====== TASK INPUTS ======

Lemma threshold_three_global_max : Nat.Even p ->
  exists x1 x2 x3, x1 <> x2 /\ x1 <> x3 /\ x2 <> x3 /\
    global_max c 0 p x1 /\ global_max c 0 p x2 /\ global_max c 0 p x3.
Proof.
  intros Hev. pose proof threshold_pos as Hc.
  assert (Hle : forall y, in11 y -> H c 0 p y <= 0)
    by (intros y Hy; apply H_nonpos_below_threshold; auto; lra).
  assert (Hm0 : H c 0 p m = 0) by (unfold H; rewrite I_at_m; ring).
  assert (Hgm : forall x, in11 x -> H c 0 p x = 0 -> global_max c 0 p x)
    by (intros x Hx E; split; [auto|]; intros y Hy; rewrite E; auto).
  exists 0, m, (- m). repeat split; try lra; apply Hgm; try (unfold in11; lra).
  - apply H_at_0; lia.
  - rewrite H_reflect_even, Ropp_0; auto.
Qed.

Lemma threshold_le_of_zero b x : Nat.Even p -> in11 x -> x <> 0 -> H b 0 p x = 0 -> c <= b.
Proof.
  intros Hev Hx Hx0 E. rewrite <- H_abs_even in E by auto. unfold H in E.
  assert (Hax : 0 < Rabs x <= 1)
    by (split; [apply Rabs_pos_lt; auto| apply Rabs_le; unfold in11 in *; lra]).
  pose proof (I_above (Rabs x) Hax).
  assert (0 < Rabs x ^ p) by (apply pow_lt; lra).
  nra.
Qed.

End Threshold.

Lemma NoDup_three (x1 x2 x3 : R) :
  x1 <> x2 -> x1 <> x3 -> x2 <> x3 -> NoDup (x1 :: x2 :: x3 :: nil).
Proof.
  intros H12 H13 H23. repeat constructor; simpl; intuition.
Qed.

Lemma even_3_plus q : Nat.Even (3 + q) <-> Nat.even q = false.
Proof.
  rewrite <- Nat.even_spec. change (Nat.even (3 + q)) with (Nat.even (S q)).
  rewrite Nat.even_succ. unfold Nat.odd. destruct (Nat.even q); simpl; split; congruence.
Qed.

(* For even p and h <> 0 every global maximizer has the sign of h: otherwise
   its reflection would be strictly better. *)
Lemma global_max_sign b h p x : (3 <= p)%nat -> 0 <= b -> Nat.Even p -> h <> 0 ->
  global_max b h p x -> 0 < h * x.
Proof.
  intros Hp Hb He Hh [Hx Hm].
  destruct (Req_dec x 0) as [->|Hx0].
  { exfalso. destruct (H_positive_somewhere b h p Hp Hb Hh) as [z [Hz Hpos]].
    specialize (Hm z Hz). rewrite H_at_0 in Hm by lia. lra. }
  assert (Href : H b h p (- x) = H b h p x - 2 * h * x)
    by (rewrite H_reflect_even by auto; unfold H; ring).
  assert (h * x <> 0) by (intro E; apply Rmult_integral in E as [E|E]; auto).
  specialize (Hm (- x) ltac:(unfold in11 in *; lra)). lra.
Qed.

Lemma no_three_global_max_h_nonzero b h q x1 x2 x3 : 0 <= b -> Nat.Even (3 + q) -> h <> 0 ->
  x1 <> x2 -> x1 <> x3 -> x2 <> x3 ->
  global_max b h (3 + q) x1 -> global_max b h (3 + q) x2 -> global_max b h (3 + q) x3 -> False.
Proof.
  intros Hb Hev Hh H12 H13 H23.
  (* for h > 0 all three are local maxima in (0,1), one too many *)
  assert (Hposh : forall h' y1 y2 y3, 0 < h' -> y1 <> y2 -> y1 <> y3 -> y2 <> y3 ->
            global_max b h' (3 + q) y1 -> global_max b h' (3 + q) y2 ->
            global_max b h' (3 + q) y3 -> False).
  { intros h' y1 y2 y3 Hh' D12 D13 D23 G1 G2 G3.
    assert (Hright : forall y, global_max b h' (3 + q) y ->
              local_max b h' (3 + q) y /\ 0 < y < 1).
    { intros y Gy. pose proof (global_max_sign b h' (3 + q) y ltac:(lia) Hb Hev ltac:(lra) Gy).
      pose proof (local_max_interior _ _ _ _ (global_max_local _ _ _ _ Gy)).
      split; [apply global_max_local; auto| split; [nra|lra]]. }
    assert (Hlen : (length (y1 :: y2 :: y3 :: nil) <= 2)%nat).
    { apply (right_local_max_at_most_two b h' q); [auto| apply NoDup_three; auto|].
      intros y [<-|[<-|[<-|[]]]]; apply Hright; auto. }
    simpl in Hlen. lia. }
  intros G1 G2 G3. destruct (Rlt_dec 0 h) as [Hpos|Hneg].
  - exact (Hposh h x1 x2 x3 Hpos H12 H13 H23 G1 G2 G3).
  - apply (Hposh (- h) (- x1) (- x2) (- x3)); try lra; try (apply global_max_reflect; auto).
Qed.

======
====== TASK INPUTS ======

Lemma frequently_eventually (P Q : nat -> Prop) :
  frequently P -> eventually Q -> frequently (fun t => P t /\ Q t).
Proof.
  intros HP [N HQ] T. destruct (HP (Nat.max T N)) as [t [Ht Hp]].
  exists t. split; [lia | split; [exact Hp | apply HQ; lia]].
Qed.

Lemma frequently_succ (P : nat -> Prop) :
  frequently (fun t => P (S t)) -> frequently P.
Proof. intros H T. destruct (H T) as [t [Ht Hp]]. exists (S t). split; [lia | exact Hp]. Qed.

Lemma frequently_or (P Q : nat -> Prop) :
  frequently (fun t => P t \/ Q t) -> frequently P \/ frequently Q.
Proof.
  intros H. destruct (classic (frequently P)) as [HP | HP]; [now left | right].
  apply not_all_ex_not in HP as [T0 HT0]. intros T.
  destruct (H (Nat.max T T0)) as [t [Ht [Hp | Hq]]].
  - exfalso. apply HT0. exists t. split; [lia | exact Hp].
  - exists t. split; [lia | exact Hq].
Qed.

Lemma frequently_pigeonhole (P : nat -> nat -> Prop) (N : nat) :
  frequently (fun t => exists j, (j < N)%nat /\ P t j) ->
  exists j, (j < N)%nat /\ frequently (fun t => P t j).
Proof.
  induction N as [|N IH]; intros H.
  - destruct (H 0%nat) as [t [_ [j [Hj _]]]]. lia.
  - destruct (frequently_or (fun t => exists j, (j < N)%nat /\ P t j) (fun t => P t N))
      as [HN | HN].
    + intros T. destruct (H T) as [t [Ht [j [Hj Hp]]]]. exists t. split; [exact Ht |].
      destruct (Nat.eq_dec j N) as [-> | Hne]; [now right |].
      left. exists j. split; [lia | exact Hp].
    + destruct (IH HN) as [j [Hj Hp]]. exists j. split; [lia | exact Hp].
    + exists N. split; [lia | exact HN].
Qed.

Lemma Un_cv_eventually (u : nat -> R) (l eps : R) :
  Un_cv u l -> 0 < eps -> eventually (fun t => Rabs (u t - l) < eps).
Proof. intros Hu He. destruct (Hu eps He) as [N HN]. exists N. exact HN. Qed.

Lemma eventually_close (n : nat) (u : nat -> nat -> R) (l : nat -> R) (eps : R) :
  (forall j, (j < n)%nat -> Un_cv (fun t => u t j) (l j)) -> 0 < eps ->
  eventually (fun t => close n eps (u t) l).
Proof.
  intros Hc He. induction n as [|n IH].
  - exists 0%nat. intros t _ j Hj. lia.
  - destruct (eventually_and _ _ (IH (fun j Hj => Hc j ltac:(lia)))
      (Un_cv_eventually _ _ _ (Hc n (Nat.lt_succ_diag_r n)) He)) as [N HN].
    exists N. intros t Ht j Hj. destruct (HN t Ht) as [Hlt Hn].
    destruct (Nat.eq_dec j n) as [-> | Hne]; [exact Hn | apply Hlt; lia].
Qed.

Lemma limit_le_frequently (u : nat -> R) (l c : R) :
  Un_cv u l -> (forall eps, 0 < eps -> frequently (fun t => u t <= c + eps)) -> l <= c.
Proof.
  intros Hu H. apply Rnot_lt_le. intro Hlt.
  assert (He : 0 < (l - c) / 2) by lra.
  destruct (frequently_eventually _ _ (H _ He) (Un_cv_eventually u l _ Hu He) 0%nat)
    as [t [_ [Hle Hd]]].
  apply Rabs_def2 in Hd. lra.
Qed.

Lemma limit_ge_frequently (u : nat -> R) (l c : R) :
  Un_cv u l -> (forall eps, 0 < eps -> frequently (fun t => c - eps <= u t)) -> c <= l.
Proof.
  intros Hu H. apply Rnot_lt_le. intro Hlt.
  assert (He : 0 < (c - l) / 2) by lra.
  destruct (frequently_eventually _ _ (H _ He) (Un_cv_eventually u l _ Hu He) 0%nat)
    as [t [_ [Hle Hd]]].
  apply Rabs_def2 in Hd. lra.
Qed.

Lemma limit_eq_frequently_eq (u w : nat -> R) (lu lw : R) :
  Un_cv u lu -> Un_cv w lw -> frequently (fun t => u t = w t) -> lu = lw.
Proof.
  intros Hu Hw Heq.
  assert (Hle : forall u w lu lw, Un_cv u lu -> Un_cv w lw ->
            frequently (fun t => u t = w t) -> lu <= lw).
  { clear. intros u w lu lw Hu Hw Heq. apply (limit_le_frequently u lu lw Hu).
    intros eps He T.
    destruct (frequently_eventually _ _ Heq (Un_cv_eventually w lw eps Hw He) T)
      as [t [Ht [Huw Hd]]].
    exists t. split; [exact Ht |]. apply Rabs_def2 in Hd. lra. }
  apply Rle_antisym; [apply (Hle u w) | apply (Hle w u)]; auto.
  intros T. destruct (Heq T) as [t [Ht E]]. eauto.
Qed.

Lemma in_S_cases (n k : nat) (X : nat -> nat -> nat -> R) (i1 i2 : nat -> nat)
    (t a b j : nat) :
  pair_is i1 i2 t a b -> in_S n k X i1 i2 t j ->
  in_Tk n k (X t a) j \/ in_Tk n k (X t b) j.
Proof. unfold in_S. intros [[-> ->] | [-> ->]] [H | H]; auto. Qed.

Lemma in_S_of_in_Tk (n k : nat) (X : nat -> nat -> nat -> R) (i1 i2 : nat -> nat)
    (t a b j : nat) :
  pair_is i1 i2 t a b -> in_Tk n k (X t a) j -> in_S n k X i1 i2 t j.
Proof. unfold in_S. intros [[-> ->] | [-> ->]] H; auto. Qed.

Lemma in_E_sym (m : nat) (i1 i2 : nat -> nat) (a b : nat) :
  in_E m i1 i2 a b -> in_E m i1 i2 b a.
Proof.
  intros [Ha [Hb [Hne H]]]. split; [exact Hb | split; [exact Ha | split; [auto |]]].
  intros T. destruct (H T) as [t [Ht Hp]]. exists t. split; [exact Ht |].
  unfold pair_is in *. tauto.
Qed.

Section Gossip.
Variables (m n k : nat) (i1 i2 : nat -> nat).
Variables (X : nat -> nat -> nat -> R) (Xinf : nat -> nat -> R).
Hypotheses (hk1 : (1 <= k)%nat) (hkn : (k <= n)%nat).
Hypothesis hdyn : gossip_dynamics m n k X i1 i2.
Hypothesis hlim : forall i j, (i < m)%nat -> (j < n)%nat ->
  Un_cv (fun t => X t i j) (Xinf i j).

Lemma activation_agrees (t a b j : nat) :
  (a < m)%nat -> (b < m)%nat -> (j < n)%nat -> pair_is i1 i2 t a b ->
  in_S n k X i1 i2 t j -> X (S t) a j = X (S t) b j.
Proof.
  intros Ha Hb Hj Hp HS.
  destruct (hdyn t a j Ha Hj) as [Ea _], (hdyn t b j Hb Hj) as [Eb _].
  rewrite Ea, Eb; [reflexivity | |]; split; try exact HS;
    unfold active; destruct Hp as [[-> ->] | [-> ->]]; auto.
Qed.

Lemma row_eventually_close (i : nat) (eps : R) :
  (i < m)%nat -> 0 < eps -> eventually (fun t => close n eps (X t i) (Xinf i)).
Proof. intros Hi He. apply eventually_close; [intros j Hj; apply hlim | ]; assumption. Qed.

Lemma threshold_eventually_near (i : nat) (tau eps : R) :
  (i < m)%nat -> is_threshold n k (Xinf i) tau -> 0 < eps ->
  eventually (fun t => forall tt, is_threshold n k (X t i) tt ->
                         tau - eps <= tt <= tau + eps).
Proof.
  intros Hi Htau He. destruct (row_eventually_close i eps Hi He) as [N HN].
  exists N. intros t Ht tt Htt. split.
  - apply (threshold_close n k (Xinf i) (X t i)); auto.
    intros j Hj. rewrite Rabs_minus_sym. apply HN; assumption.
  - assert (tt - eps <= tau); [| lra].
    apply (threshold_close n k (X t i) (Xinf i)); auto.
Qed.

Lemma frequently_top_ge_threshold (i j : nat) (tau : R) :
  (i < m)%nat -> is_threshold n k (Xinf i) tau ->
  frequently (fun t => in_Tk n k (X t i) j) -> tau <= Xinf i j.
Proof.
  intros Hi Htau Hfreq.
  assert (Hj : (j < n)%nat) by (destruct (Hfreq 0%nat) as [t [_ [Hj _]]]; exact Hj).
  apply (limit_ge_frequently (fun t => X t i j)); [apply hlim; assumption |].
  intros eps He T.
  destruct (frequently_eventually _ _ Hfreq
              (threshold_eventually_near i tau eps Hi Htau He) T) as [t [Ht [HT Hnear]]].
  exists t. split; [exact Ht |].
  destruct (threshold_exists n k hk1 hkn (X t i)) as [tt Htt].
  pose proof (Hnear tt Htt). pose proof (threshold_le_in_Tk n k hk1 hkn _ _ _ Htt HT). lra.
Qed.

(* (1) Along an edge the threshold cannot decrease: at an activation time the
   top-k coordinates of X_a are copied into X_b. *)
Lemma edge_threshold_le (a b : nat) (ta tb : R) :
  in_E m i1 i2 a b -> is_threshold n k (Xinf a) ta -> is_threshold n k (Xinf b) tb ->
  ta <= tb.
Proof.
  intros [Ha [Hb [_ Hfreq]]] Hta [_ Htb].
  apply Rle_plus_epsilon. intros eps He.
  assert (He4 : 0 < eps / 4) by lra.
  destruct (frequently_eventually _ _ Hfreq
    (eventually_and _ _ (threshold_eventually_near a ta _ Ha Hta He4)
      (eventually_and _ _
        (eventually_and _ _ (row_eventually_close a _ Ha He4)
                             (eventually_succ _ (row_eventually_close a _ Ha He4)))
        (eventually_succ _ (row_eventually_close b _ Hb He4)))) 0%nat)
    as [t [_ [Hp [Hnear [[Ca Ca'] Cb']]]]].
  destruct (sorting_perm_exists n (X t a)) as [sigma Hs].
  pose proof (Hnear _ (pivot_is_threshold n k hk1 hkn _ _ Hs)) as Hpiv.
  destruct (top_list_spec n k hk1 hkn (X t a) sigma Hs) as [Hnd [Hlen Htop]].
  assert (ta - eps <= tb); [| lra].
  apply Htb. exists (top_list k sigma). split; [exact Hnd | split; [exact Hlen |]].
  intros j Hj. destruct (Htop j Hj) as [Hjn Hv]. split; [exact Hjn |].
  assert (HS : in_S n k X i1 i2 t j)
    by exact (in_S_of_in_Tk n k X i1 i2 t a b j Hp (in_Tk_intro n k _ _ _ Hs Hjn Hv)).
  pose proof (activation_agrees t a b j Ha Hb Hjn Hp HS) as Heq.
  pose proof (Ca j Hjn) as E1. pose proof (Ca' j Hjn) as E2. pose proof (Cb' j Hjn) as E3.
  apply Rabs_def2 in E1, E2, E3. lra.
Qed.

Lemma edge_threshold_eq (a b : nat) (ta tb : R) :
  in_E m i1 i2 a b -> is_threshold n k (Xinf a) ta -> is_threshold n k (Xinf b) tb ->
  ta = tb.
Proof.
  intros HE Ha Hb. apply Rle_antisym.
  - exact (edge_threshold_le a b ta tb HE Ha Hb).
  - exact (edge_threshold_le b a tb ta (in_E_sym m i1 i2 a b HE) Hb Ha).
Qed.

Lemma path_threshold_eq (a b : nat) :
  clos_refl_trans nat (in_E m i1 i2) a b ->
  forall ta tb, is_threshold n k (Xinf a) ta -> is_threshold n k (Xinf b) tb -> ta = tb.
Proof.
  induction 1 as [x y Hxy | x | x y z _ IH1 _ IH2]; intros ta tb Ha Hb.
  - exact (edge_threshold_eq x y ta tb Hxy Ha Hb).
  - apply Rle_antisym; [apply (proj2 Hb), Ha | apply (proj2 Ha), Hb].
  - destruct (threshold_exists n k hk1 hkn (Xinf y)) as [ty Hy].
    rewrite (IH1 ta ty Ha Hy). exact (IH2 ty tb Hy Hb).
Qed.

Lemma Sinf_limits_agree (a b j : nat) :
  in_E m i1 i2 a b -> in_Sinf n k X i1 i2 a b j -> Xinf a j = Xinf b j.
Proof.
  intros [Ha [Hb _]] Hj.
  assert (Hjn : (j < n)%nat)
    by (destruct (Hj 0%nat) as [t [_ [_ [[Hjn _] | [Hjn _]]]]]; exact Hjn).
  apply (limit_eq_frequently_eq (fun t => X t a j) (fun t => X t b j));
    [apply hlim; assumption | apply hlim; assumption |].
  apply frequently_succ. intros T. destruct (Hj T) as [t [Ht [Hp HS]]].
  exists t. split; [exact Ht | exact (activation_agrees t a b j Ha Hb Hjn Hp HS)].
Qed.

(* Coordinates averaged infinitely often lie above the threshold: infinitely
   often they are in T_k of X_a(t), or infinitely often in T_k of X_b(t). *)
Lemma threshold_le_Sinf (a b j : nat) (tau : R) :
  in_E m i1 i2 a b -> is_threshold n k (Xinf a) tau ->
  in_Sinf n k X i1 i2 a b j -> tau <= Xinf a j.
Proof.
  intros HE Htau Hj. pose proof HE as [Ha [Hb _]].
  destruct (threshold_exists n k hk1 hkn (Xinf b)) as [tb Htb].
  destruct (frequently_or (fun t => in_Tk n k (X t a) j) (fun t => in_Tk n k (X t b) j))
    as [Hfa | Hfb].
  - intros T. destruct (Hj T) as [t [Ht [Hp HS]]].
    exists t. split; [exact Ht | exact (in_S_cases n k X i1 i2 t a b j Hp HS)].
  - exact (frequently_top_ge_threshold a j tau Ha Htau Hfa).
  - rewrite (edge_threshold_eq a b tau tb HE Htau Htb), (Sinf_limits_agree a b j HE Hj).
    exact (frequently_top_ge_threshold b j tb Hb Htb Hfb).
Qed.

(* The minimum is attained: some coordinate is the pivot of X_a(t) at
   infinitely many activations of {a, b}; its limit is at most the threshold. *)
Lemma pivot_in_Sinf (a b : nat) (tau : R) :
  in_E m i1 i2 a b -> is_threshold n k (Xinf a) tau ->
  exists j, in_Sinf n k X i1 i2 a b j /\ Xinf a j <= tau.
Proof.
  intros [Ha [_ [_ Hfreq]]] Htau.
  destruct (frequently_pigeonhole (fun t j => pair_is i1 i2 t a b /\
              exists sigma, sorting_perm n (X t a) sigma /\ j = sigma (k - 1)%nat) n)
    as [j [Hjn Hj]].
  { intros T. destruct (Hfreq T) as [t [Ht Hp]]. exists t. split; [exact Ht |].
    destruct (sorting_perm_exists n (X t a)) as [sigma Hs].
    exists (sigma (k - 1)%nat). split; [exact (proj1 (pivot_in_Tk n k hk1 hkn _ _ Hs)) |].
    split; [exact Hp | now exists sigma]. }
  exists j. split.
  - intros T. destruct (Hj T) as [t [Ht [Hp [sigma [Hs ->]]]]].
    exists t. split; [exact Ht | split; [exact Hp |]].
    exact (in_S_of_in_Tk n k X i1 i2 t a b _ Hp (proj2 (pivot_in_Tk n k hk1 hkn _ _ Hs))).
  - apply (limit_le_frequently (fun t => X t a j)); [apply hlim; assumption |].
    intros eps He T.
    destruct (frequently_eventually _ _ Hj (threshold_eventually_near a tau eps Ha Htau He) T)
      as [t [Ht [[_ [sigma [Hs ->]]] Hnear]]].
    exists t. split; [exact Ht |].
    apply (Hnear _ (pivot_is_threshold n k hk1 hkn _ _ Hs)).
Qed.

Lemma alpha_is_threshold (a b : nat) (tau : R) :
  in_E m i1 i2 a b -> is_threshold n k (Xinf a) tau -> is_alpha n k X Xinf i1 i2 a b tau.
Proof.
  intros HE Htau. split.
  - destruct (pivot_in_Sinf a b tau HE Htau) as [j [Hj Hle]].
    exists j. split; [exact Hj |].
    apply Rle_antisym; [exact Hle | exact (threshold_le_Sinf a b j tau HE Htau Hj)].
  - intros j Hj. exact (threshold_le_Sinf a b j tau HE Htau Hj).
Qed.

======

■ WHAT YOU NEED TO DO
In the listing above, how many lines hold the string "sigma"? Only the number is to be reported.

■ OUTPUT FOR THIS TASK
9